━━━ INPUT
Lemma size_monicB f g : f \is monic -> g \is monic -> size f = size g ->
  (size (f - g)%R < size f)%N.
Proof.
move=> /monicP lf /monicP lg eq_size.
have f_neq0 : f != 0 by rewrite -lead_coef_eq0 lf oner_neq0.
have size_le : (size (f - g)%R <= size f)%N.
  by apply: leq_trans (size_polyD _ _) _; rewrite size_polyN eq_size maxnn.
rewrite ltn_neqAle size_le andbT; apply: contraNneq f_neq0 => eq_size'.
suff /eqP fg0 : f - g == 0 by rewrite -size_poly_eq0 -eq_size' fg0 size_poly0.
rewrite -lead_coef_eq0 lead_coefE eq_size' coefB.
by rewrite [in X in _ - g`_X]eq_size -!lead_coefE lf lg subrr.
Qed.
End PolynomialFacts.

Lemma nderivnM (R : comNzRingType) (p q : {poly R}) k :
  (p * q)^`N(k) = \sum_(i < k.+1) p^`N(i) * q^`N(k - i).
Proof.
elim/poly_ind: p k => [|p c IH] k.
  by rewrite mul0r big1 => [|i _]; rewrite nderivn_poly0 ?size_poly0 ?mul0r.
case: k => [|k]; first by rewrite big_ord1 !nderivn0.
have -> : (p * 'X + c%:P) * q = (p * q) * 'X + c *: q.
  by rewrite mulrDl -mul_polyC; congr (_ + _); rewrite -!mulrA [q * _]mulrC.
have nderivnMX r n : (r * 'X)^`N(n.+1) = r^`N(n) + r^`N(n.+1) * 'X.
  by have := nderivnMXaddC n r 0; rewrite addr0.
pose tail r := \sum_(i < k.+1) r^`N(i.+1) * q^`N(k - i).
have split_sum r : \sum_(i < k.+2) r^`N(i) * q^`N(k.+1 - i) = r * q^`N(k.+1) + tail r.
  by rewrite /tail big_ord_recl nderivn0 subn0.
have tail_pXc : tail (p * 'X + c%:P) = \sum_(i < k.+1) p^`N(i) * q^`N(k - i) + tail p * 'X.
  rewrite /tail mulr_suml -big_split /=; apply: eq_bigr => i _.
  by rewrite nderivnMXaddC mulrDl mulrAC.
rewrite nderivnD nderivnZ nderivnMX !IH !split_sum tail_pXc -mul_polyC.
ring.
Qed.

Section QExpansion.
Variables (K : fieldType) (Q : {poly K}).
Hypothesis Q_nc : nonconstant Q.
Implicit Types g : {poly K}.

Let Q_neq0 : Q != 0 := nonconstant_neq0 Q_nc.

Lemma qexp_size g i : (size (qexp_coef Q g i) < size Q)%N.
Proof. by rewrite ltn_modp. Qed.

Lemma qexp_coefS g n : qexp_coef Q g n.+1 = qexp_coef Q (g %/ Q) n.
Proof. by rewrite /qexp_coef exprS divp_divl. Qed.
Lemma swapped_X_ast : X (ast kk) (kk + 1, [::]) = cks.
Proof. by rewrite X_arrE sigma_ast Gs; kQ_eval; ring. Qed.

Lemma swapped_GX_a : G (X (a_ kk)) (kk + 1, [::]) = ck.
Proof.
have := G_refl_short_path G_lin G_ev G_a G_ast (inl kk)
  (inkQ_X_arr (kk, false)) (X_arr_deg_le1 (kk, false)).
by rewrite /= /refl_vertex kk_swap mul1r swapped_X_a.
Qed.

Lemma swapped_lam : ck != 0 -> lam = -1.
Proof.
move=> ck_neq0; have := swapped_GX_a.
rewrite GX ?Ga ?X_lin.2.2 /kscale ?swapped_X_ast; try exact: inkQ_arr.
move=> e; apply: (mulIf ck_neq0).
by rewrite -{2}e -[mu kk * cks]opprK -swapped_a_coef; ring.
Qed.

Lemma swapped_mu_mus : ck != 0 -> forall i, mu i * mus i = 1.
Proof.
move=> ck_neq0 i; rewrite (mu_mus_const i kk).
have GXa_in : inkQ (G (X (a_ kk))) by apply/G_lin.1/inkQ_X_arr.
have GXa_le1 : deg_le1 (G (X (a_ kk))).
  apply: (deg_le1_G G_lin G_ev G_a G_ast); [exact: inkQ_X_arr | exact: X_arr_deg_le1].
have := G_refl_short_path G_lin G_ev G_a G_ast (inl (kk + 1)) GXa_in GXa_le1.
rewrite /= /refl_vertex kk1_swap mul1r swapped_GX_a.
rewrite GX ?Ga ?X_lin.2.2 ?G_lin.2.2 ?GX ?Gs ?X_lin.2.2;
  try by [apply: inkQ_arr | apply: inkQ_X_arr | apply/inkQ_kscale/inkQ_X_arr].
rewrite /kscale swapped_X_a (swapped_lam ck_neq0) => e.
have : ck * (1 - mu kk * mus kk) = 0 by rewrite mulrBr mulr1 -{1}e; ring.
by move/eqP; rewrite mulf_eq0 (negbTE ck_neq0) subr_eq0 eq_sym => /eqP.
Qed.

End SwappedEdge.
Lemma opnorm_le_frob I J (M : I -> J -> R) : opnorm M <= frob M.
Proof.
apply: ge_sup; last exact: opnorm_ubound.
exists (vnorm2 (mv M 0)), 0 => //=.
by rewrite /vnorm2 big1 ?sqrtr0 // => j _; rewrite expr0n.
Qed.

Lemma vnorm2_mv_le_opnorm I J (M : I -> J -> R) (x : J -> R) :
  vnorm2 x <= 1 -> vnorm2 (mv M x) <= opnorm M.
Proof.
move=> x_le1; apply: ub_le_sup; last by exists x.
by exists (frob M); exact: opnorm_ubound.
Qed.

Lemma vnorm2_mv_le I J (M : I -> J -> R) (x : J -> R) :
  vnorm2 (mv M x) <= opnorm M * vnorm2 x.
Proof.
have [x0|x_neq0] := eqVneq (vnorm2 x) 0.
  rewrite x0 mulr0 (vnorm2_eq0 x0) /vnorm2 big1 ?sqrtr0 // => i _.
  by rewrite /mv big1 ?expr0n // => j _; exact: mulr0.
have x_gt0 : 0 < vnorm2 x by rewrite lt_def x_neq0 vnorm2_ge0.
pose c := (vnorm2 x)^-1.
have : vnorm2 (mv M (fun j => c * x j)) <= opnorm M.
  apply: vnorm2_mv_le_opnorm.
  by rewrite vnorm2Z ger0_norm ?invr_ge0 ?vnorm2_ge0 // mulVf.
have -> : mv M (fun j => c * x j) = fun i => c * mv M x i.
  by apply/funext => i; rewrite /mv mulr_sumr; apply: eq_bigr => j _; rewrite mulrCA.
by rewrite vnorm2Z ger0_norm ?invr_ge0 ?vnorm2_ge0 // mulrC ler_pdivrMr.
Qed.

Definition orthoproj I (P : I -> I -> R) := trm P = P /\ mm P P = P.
━━━━━━
**ACTIVITY**.
What is needed is every line from the beginning of the data up to and including the line with "Let Q_neq0 : Q != 0 := nonconstant_neq0 Q_nc.", given again word for word.

**TASK ANSWER**.
Lemma size_monicB f g : f \is monic -> g \is monic -> size f = size g ->
  (size (f - g)%R < size f)%N.
Proof.
move=> /monicP lf /monicP lg eq_size.
have f_neq0 : f != 0 by rewrite -lead_coef_eq0 lf oner_neq0.
have size_le : (size (f - g)%R <= size f)%N.
  by apply: leq_trans (size_polyD _ _) _; rewrite size_polyN eq_size maxnn.
rewrite ltn_neqAle size_le andbT; apply: contraNneq f_neq0 => eq_size'.
suff /eqP fg0 : f - g == 0 by rewrite -size_poly_eq0 -eq_size' fg0 size_poly0.
rewrite -lead_coef_eq0 lead_coefE eq_size' coefB.
by rewrite [in X in _ - g`_X]eq_size -!lead_coefE lf lg subrr.
Qed.
End PolynomialFacts.

Lemma nderivnM (R : comNzRingType) (p q : {poly R}) k :
  (p * q)^`N(k) = \sum_(i < k.+1) p^`N(i) * q^`N(k - i).
Proof.
elim/poly_ind: p k => [|p c IH] k.
  by rewrite mul0r big1 => [|i _]; rewrite nderivn_poly0 ?size_poly0 ?mul0r.
case: k => [|k]; first by rewrite big_ord1 !nderivn0.
have -> : (p * 'X + c%:P) * q = (p * q) * 'X + c *: q.
  by rewrite mulrDl -mul_polyC; congr (_ + _); rewrite -!mulrA [q * _]mulrC.
have nderivnMX r n : (r * 'X)^`N(n.+1) = r^`N(n) + r^`N(n.+1) * 'X.
  by have := nderivnMXaddC n r 0; rewrite addr0.
pose tail r := \sum_(i < k.+1) r^`N(i.+1) * q^`N(k - i).
have split_sum r : \sum_(i < k.+2) r^`N(i) * q^`N(k.+1 - i) = r * q^`N(k.+1) + tail r.
  by rewrite /tail big_ord_recl nderivn0 subn0.
have tail_pXc : tail (p * 'X + c%:P) = \sum_(i < k.+1) p^`N(i) * q^`N(k - i) + tail p * 'X.
  rewrite /tail mulr_suml -big_split /=; apply: eq_bigr => i _.
  by rewrite nderivnMXaddC mulrDl mulrAC.
rewrite nderivnD nderivnZ nderivnMX !IH !split_sum tail_pXc -mul_polyC.
ring.
Qed.

Section QExpansion.
Variables (K : fieldType) (Q : {poly K}).
Hypothesis Q_nc : nonconstant Q.
Implicit Types g : {poly K}.

Let Q_neq0 : Q != 0 := nonconstant_neq0 Q_nc.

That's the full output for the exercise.